Don’t get lost driving to your carp venue!

 

Every Saturday I get a call from some group or other of Carp anglers travelling out for a fishing holiday to one of our venues who has got lost or is struggling to find their way to the lake in question. It is totally understandable that navigating in a foreign country can cause a few problems, especially if it is your first time in France. The major issue of driving on the right is in itself cause for a few problems, so add to this different placings for road signs, signposts in French etc. I touched on the subject in a recent post on avoiding an awful trip Carp Fishing. So the here then is my method of avoiding getting “Lost in France!”


Planning your Trip:

First off plan your trip. We give out instructions that are quite detailed but are not a substitute for you doing your homework.

Get a Good Map:

Get on the net, get a decent map and find out exactly where you are going. Note the main towns on your route, and the direction you’l need to take at all the major intersections.

Use the Internet:

Sites like “Via Michelin” or “Mappy.co.uk” will help you calculate your journey time and the amounts for tolls and fuel. If you have any doubt about the directions, look into this before you go. We are on hand on the weekend though to help give assistance, but if you don’t have a map and get totally lost there is little we can do to help for the other side of the country or from the UK.

Introducing Google Earth:

I can’t recommend Google Earth highly enough, for planning your journey. It gives you pretty clear satellite photos of the major part of France, and it is fairly easy to find your chosen venue. Add to this the fact we give out the Longitude and Latitude coordinates and you can see that is can be an extremely useful tool when combined with the other route planners, multimaps and sat navs we have available today.

There are a number of ways of finding your destination on Google Earth, once we have sent out the directions. The simplest is to key in the coordinates and the programme just zooms in to the location.

Otherwise you can type in the name of the village and the country and again this will get you pretty close. If the lake has a full postal address this again is taken into account by Google Earth and will show you its location.

Another useful part of this programme is you can measure the venue to see the distance to island for example or the number of miles to the nearest village.

GPS :

I’ve mentioned these a number of times in recent posts but I’m totally sold on these postable Sat Nav GPS units. As I’ve said before I use the Tomtom One, but any of the modern hand held units will do the job. (Others include Garmin, Navman, Via Michelin etc).

On the Tomtom system I have I’ve found the individual country maps to be more detailed than the general Map of Europe so for the £39 it costs it might be worth it.

Since getting a sat nav I must admit I have hardly used my atlas.  They do though require a certain amount of time spending on them to learn your way around the functions.
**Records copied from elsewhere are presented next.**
(* The tournament x^+ is acyclic, hence has a dominant vertex: otherwise
   following in-neighbours inside x^+ would close a cycle there. *)
Lemma out_nb_dominant x y : A x y -> exists t, dominant x t.
Proof.
move=> Axy; apply/existsP; apply: contraT => /existsPn none.
have below v : A x v -> exists2 w, A x w & A w v.
  move=> Axv; move: (none v); rewrite /dominant Axv /= => /forallPn[w].
  rewrite !negb_imply; case/and3P=> Axw nwv nAvw; exists w => //.
  have nvw : v != w by rewrite eq_sym.
  by case/orP: (out_tour Axv Axw nvw) => //; rewrite (negbTE nAvw).
have [c [nc inc cycc]] := exists_cycle_in (e := fun a b => A b a) (P := A x) Axy below.
have : ~~ cycle A (rev c).
  by apply: (out_nb_acyclic (x := x)); rewrite ?all_rev // -size_eq0 size_rev size_eq0.
by rewrite rev_cycle cycc.
Qed.

Definition succ x : V := odflt x [pick t | dominant x t].

Lemma succP x y : A x y -> dominant x (succ x).
Proof.
move=> /out_nb_dominant[t xt]; rewrite /succ.
by case: pickP => [//|none]; rewrite none in xt.
Qed.

Lemma iter_succ_arc x y j : A x y ->
  (forall i, 0 < i <= j -> iter i succ x != y) -> A (iter j succ x) y.
Proof.
move=> Axy; elim: j => [//|j IH] avoid.
have Ajy : A (iter j succ x) y.
  by apply: IH => i /andP[i_gt0 le_ij]; rewrite avoid // i_gt0 (leq_trans le_ij).
have /dominantP[_ dom] := succP Ajy.
by rewrite iterS; apply: dom Ajy _; rewrite eq_sym -iterS avoid ?leqnn.
Qed.
(* Let $(\eta_k)_{k\in\mathbb{N}}$ be independent random variables with values in $\mathbb{N}$, $P(\eta_k=i)=p_{ik}$ with $p_{ik}\ge0$ and $\sum_{i=1}^\infty p_{ik}=1$ for all $k$, and suppose there exists $i_0\in\mathbb{N}$ with $\sum_{k=1}^\infty p_{i_0k}=+\infty$. Let $$\eta=\sum_{k=1}^\infty\frac{(-1)^{k-1}}{\eta_1(\eta_1+\eta_2)\cdots(\eta_1+\eta_2+\dots+\eta_k)}.$$ Then: (1) $\eta$ has a purely discrete distribution if and only if $\prod_{k=1}^\infty\max_i p_{ik}>0$; (2) in all other cases $\eta$ has a singularly continuous distribution. *)

From HB Require Import structures.
From mathcomp Require Import all_boot all_order all_algebra.
From mathcomp Require Import all_classical all_reals all_analysis.
Set Implicit Arguments. Unset Strict Implicit. Unset Printing Implicit Defensive.
Import Order.TTheory GRing.Theory Num.Theory.
Import numFieldNormedType.Exports.
Local Open Scope classical_set_scope.
Local Open Scope ring_scope.

Section Defs.
Context {d : measure_display} {T : measurableType d} {R : realType}.
Variable P : probability T R.

(* Mutual independence of the nat-valued (discrete) random variables
   eta_k : every finite subfamily satisfies the product rule for arbitrary
   events {eta_k \in A_k} (every subset of nat is measurable). *)
Definition mutually_independent (eta : nat -> T -> nat) : Prop :=
  forall (F : seq nat) (A : nat -> set nat), uniq F ->
    P [set w | forall k, k \in F -> A k (eta k w)] =
    (\prod_(k <- F) P [set w | A k (eta k w)])%E.

Definition pik (eta : nat -> T -> nat) (i k : nat) : \bar R :=
  P [set w | eta k w = i].

(* max_i p_{ik} (as a supremum, which is attained) *)
Definition pmax (eta : nat -> T -> nat) (k : nat) : \bar R :=
  ereal_sup (range (fun i => pik eta i k)).

(* the infinite product prod_{k>=1} max_i p_{ik} (limit of partial products,
   which exists since the partial products are nonincreasing in [0,1]) *)
Definition prod_pmax (eta : nat -> T -> nat) : \bar R :=
  limn (fun n => (\prod_(k < n) pmax eta k)%E).

(* eta = sum_{k>=1} (-1)^(k-1) / (eta_1 (eta_1+eta_2) ... (eta_1+...+eta_k)),
   with indices shifted to start at 0. *)
Definition eta_denom (eta : nat -> T -> nat) (k : nat) (w : T) : R :=
  \prod_(j < k.+1) ((\sum_(l < j.+1) eta l w)%N)%:R.

Definition eta_sum (eta : nat -> T -> nat) (w : T) : R :=
  limn (series (fun k => (-1) ^+ k / eta_denom eta k w)).

Definition purely_discrete_distr (X : T -> R) : Prop :=
  exists C : set R, countable C /\ P (X @^-1` C) = 1%E.

Definition singular_continuous_distr (X : T -> R) : Prop :=
  (forall x : R, P (X @^-1` [set x]) = 0%E) /\
  exists N : set R, measurable N /\ (@lebesgue_measure R) N = 0%E /\
    P (X @^-1` N) = 1%E.

End Defs.

From HB Require Import structures.
From mathcomp Require Import all_boot all_order all_algebra.
From mathcomp Require Import all_classical all_reals all_analysis.
From mathcomp Require Import ring lra.
Import Order.TTheory GRing.Theory Num.Theory.
Import numFieldNormedType.Exports.
Local Open Scope classical_set_scope.
Local Open Scope ring_scope.

Set Implicit Arguments. Unset Strict Implicit.

(** Writing q_k = eta_0 + ... + eta_k, the random variable eta is the
Ostrogradsky series sum_k (-1)^k / (q_0 ... q_k) of a strictly increasing
positive sequence.  Such a series satisfies 1/(q_0 + 1) < eta < 1/q_0 and
eta = (1 - eta') / q_0, where eta' is the series of the shifted sequence, so
the digits q_k, hence the eta_k, can be read off the value of eta.  The atoms
of eta are therefore the events {eta_k = i_k for all k}, and by independence
each has probability at most prod_(k < n) max_i p_ik for every n.

If this product tends to 0, eta has no atoms.  By the second Borel-Cantelli
lemma eta_k = i_0 for infinitely many k almost surely, whereas the reals whose
k-th digit gap q_k - q_(k-1) equals i_0 form a set of Lebesgue measure at most
2^-k; their lim sup is a Lebesgue-null set carrying the law of eta.

If the product is positive, sum_k (1 - max_i p_ik) converges, so by the first
Borel-Cantelli lemma eta_k eventually equals a near-maximiser m_k of p_(.)k
almost surely, and eta takes its values in the countable set of series of
finite modifications of m. *)

Lemma nneseries_le_ub (R : realType) (u : nat -> \bar R) (M : \bar R) :
  (forall n, 0 <= u n)%E -> (forall N, \sum_(0 <= n < N) u n <= M)%E ->
  (\sum_(0 <= n <oo) u n <= M)%E.
Proof. by move=> u_ge0 ub; apply: lime_le; [exact: is_cvg_nneseries|exact: nearW]. Qed.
My favourite method is to use them in conjunction with Google Earth. I get the coordinates from the net and type them into the GPS. This then, gives you a detailed view of the area, by sliding the cursor up to enlarge the page. Often you can see the lake you are going to represented on the map.

I generally keep it on the default setting of ‘Fastest route’ via ‘Toll roads’.

One word here, it is far better to simply follow the sat nav even if you have someone reading a map. While the route may occasionally be a bit round the houses it always gets you there. Bear in mind though that they are not infallible and do on occasions get things wrong, especially if road systems have been changed. They were after all programmed by some guys who almost certainly had never seen the route in question. The strangest instance I’ve had to date was when it tried to send me across a bridge that didn’t exist. The footings were there and the pillars on the edge of the major thoroughfare it was meant to be crossing. They had simply not built the bridge… When I tried to turn on to it there were at least three cars behind me all with GPS units on the windscreen.

Don’t Go by the Postcode in France:

In the UK it is really useful to be able to key in the post code and get to the address you want. This doesn’t work in France. A usual French post code will be eg: 53200 and covers a number of villages.

Maps, Atlas’:

All this electronic wizardry doesn’t mean you can forgo a good map. We recommend the Michelin Maps, but do get a sufficiently detailed one. As the Ordinance Surveys in the UK the Michelins come in various scales.

The one that covers the whole of France is likely to be too large a scale to have the small villages where many of our venues are located. I suggest the Michelin Road Atlas; this is pretty detailed and is relatively compact.

So there you go, plan your trip, make use of the modern navigation devices both in your car and on the internet. If you take your time to plan your trip carefully you’ll not end up ‘Lost in France’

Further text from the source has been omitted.